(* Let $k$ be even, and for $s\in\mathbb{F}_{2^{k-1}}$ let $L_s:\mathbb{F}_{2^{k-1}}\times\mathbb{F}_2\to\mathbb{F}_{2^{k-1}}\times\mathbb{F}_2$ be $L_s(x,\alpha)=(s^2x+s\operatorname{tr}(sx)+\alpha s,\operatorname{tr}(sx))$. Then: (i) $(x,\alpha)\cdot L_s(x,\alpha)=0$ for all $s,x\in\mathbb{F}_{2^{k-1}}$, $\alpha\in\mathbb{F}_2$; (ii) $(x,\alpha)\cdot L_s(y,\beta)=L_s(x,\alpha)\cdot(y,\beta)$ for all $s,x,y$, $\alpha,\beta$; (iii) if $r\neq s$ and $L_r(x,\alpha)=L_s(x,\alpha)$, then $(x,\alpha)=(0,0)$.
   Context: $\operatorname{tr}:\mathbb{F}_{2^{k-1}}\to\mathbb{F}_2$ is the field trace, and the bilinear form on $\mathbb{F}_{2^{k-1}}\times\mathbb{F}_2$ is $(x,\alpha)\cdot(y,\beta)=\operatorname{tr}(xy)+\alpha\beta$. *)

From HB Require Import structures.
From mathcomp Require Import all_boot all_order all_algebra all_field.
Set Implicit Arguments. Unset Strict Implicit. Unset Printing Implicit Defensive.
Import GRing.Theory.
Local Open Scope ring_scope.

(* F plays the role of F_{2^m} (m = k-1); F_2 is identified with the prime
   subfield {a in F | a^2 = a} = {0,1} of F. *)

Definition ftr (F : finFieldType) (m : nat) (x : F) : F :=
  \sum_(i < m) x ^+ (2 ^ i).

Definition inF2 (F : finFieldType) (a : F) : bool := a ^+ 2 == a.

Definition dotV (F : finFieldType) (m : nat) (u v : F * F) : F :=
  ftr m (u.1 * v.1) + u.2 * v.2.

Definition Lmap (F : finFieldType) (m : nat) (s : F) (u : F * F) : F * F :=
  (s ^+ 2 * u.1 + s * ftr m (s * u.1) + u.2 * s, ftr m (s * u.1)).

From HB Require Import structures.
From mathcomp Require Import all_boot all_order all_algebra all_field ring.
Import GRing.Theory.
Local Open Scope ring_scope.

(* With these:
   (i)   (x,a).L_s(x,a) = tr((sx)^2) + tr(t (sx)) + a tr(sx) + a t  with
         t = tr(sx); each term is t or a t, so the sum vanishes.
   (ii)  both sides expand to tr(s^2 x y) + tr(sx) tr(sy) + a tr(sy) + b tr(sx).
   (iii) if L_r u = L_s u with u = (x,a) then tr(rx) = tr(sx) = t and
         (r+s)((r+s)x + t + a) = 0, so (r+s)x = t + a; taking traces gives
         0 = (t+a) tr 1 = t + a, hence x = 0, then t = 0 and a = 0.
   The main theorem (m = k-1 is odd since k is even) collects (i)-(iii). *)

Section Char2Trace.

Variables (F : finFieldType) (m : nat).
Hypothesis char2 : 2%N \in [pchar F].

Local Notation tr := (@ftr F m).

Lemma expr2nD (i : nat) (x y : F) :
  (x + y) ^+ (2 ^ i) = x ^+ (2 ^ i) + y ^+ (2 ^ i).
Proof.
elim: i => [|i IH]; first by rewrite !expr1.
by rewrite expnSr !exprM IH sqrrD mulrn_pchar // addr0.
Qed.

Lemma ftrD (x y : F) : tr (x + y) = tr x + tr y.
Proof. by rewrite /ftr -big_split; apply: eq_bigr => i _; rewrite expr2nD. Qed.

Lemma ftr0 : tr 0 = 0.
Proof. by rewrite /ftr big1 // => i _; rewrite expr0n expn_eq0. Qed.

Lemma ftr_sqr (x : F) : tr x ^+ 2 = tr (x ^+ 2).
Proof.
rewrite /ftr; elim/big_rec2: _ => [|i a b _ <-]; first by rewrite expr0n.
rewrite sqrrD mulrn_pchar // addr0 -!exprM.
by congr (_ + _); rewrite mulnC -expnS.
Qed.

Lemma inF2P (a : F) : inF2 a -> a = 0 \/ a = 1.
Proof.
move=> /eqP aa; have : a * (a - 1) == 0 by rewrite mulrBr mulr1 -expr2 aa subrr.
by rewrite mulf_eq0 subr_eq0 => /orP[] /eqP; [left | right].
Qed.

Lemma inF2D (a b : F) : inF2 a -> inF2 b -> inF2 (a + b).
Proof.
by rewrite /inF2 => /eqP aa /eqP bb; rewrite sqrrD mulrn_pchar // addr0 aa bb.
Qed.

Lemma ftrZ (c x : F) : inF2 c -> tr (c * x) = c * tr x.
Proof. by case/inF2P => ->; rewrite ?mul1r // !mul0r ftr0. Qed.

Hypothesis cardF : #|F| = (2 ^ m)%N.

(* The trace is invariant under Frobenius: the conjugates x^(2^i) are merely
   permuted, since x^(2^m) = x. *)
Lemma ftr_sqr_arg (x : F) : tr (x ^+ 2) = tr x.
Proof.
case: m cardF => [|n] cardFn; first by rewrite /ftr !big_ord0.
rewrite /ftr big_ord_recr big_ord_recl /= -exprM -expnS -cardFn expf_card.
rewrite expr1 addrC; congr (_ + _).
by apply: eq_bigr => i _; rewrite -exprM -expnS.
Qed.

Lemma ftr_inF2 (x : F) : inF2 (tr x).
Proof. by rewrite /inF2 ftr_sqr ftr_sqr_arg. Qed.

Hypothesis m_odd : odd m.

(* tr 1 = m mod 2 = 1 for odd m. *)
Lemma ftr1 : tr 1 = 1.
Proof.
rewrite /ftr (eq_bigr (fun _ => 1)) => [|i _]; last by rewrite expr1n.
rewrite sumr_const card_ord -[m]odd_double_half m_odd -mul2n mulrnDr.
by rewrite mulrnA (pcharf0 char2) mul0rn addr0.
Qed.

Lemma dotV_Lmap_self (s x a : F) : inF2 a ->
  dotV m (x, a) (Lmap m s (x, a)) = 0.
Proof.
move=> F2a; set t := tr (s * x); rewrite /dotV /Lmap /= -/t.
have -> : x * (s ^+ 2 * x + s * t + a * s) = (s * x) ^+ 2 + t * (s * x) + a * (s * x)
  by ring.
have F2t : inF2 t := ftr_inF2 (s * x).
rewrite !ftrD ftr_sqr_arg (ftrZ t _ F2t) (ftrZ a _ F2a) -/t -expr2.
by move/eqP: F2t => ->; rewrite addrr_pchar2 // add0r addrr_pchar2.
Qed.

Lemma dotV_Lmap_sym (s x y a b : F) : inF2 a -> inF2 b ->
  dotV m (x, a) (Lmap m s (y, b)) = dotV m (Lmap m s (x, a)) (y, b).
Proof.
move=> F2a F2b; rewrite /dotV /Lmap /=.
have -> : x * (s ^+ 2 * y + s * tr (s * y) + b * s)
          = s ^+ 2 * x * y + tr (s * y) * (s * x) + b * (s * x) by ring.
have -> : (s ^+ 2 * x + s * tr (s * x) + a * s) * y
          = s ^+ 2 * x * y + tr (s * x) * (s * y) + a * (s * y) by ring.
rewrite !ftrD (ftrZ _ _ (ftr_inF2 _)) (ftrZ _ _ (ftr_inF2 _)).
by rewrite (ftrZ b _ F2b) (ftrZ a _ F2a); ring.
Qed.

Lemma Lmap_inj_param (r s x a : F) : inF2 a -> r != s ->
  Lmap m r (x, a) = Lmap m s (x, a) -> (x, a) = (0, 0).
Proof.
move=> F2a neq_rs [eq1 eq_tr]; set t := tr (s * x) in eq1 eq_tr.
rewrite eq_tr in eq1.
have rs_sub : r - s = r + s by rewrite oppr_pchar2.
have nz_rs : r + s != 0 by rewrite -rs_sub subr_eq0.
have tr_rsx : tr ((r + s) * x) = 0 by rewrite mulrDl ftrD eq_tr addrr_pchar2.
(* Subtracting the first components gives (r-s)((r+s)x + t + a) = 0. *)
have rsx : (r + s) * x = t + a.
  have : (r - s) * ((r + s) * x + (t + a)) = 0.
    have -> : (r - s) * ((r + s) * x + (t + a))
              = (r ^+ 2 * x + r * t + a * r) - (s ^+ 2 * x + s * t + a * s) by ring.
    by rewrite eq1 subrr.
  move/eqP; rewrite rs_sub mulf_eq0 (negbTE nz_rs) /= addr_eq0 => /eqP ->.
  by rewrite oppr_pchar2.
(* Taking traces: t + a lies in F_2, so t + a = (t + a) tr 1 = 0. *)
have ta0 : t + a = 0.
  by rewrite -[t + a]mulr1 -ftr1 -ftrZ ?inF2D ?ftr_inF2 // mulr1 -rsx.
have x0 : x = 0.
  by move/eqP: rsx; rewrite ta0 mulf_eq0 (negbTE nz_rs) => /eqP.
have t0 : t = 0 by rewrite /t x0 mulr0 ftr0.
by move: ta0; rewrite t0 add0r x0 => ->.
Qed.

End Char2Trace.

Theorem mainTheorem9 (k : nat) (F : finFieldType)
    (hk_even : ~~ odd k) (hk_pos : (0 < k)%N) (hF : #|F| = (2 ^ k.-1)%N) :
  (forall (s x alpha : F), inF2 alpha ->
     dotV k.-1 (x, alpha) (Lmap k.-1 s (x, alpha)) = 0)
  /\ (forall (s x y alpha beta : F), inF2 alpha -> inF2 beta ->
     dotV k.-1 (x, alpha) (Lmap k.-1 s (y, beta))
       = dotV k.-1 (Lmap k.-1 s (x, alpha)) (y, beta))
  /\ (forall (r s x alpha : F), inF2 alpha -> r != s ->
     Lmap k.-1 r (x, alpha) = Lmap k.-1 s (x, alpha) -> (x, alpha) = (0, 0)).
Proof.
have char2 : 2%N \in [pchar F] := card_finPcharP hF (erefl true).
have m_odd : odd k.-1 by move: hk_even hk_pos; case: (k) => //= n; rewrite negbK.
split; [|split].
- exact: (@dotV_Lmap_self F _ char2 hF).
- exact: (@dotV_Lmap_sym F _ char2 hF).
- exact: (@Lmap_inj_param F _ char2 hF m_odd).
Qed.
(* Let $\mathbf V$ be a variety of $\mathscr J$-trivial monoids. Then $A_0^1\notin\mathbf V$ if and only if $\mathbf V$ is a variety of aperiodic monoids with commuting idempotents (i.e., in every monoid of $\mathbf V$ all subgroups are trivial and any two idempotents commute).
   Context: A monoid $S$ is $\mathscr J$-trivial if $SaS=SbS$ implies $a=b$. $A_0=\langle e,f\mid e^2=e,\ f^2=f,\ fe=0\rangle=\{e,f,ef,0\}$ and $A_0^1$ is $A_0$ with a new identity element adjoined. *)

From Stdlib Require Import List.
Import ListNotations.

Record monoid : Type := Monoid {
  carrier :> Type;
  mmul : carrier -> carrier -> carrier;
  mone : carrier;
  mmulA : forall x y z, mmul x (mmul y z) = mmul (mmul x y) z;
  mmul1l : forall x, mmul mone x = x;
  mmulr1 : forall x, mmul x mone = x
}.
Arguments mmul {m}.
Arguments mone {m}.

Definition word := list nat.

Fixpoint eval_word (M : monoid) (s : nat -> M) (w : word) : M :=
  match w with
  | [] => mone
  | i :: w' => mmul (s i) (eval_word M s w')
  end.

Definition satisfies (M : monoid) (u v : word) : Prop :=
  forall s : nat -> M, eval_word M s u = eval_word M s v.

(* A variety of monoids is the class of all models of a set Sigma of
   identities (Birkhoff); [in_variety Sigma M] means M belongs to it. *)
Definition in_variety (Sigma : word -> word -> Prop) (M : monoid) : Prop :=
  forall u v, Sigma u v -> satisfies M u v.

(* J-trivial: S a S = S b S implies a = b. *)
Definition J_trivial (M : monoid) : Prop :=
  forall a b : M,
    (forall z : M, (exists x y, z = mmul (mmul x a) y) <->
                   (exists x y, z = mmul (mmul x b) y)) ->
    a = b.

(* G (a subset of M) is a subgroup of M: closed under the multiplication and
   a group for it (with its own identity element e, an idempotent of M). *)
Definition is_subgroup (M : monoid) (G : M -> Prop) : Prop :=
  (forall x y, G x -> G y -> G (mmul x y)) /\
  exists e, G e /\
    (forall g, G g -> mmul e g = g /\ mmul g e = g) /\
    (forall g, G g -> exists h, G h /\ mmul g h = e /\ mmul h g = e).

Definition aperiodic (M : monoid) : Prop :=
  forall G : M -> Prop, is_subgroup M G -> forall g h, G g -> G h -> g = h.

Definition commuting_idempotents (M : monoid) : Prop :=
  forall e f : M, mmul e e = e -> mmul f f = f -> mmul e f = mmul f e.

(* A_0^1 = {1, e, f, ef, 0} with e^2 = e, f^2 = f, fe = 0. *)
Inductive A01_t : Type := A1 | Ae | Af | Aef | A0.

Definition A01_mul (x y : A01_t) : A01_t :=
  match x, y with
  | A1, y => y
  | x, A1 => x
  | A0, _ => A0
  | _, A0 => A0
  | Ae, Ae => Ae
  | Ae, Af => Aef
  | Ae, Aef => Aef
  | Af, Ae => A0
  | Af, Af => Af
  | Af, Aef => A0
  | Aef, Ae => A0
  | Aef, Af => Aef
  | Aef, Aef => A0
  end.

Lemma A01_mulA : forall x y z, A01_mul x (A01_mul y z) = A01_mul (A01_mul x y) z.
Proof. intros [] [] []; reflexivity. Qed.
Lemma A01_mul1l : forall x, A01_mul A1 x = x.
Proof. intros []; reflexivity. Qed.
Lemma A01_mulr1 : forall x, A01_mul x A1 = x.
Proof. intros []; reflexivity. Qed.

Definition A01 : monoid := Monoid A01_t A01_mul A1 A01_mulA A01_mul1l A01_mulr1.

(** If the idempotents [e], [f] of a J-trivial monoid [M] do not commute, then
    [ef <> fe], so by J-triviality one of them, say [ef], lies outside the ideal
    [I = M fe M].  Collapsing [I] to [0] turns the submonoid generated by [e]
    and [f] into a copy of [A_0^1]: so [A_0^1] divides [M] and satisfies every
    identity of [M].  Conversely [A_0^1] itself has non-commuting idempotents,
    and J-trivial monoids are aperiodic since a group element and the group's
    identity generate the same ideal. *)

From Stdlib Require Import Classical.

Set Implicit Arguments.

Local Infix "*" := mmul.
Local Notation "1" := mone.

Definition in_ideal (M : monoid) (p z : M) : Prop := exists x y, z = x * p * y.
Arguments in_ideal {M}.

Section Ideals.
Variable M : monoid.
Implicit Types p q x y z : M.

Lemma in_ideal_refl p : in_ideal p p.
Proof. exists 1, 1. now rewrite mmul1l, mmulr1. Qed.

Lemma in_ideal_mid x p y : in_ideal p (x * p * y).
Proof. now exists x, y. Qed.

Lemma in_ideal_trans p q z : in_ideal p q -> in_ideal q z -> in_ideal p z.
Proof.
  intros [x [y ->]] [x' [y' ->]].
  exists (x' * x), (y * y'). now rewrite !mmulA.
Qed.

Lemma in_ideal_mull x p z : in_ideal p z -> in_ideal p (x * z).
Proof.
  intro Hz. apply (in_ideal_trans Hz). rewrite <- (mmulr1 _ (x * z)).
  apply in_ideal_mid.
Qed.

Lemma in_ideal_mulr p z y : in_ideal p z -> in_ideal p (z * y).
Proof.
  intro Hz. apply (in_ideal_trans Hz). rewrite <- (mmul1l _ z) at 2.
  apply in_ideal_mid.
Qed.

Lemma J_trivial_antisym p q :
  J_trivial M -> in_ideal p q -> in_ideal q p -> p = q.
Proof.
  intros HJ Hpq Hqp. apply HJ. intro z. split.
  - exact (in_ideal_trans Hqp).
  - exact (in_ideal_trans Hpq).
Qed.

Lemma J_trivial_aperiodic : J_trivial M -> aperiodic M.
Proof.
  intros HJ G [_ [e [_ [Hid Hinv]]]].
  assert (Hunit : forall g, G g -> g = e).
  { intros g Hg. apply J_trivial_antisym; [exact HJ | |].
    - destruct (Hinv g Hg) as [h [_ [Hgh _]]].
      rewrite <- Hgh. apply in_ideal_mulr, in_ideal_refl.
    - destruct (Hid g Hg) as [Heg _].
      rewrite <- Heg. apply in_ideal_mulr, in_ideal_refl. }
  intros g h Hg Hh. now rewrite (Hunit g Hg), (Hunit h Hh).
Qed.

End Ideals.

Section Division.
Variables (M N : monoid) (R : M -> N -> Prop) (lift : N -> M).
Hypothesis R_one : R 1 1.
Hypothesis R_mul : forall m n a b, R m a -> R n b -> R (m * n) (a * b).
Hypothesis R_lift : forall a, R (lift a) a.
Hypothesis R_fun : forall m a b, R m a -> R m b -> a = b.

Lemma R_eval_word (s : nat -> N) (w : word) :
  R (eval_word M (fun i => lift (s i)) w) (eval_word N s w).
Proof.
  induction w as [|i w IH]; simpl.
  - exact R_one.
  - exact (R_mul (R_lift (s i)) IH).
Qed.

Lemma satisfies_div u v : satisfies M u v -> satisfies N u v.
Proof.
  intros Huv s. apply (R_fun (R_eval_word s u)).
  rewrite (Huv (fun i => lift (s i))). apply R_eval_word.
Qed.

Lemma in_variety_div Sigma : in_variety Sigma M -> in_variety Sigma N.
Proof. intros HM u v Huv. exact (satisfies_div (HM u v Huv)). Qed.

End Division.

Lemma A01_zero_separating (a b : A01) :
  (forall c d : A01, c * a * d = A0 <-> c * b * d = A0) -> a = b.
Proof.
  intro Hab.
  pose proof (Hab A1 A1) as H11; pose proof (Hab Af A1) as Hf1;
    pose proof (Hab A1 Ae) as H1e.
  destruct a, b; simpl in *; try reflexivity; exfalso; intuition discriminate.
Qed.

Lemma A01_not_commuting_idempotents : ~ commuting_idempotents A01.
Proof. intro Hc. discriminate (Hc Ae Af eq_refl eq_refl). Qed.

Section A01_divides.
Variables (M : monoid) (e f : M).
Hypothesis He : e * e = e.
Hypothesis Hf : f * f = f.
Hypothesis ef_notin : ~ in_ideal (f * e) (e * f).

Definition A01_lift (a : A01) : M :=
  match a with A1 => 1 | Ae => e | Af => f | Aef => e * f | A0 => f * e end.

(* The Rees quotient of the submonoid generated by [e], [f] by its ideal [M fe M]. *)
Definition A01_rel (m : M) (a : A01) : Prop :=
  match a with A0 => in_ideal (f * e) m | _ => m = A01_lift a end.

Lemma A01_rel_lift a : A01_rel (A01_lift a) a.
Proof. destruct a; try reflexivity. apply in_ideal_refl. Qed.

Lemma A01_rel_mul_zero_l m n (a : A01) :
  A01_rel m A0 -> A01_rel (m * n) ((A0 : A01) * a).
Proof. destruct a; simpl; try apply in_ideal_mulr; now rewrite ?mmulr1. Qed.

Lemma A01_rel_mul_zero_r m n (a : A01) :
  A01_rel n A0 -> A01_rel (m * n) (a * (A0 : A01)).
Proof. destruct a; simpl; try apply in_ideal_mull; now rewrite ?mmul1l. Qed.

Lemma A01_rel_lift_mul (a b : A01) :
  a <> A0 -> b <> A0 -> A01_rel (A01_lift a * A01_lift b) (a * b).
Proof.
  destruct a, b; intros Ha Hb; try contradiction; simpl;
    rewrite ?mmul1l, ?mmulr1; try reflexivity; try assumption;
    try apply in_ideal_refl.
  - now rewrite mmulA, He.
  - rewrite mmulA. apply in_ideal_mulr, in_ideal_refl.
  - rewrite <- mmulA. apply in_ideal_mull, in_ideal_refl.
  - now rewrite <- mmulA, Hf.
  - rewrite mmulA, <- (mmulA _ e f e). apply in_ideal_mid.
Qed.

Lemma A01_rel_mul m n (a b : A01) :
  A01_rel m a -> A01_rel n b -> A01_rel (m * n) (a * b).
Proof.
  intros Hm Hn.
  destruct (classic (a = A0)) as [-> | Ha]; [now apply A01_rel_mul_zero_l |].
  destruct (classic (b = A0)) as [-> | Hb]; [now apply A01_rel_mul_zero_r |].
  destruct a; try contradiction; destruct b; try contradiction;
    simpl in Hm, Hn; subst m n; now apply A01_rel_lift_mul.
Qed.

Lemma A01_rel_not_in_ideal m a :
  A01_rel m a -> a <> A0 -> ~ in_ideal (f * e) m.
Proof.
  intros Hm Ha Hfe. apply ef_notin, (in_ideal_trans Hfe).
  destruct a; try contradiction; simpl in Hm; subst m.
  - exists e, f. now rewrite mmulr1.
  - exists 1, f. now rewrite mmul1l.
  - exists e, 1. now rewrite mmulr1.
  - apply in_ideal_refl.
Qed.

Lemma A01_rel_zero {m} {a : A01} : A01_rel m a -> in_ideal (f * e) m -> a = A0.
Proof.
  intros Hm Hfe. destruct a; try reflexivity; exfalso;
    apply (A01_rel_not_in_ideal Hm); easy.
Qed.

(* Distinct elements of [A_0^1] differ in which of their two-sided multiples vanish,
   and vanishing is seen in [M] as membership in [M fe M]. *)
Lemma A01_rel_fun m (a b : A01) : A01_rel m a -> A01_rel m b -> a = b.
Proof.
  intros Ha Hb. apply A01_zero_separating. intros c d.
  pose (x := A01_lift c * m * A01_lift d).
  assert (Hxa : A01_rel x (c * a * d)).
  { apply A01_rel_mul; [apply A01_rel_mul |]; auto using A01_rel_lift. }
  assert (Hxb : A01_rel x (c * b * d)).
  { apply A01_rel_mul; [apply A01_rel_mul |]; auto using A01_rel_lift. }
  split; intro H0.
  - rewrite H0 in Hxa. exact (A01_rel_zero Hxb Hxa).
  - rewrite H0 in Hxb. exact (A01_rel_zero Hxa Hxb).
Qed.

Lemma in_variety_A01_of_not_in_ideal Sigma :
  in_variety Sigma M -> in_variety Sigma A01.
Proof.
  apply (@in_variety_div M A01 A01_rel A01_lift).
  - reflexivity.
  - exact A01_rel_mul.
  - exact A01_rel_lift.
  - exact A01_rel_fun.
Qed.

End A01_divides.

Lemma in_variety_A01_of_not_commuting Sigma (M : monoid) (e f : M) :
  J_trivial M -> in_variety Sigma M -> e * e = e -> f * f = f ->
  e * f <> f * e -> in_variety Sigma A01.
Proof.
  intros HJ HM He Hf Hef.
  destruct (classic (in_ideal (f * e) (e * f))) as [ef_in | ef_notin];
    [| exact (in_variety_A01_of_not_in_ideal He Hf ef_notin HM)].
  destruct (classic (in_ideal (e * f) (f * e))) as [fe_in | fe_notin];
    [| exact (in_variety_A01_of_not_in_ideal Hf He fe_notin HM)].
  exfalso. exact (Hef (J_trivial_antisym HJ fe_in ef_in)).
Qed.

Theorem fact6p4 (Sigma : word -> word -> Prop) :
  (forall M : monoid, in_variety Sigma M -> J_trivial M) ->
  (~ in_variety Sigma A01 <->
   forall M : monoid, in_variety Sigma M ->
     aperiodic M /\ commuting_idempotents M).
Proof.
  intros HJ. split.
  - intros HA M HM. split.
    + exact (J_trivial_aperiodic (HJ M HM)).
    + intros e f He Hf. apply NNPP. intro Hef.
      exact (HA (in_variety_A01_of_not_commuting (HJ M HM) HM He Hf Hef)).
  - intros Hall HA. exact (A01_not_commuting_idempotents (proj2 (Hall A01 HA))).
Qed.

______________________________

- Exercise prompt -
From the records above, give again exactly the lines running from the line with "(forall g, G g -> exists" to the line with "and [f] into", inclusive.

- Written solution -
    (forall g, G g -> exists h, G h /\ mmul g h = e /\ mmul h g = e).

Definition aperiodic (M : monoid) : Prop :=
  forall G : M -> Prop, is_subgroup M G -> forall g h, G g -> G h -> g = h.

Definition commuting_idempotents (M : monoid) : Prop :=
  forall e f : M, mmul e e = e -> mmul f f = f -> mmul e f = mmul f e.

(* A_0^1 = {1, e, f, ef, 0} with e^2 = e, f^2 = f, fe = 0. *)
Inductive A01_t : Type := A1 | Ae | Af | Aef | A0.

Definition A01_mul (x y : A01_t) : A01_t :=
  match x, y with
  | A1, y => y
  | x, A1 => x
  | A0, _ => A0
  | _, A0 => A0
  | Ae, Ae => Ae
  | Ae, Af => Aef
  | Ae, Aef => Aef
  | Af, Ae => A0
  | Af, Af => Af
  | Af, Aef => A0
  | Aef, Ae => A0
  | Aef, Af => Aef
  | Aef, Aef => A0
  end.

Lemma A01_mulA : forall x y z, A01_mul x (A01_mul y z) = A01_mul (A01_mul x y) z.
Proof. intros [] [] []; reflexivity. Qed.
Lemma A01_mul1l : forall x, A01_mul A1 x = x.
Proof. intros []; reflexivity. Qed.
Lemma A01_mulr1 : forall x, A01_mul x A1 = x.
Proof. intros []; reflexivity. Qed.

Definition A01 : monoid := Monoid A01_t A01_mul A1 A01_mulA A01_mul1l A01_mulr1.

(** If the idempotents [e], [f] of a J-trivial monoid [M] do not commute, then
    [ef <> fe], so by J-triviality one of them, say [ef], lies outside the ideal
    [I = M fe M].  Collapsing [I] to [0] turns the submonoid generated by [e]
    and [f] into a copy of [A_0^1]: so [A_0^1] divides [M] and satisfies every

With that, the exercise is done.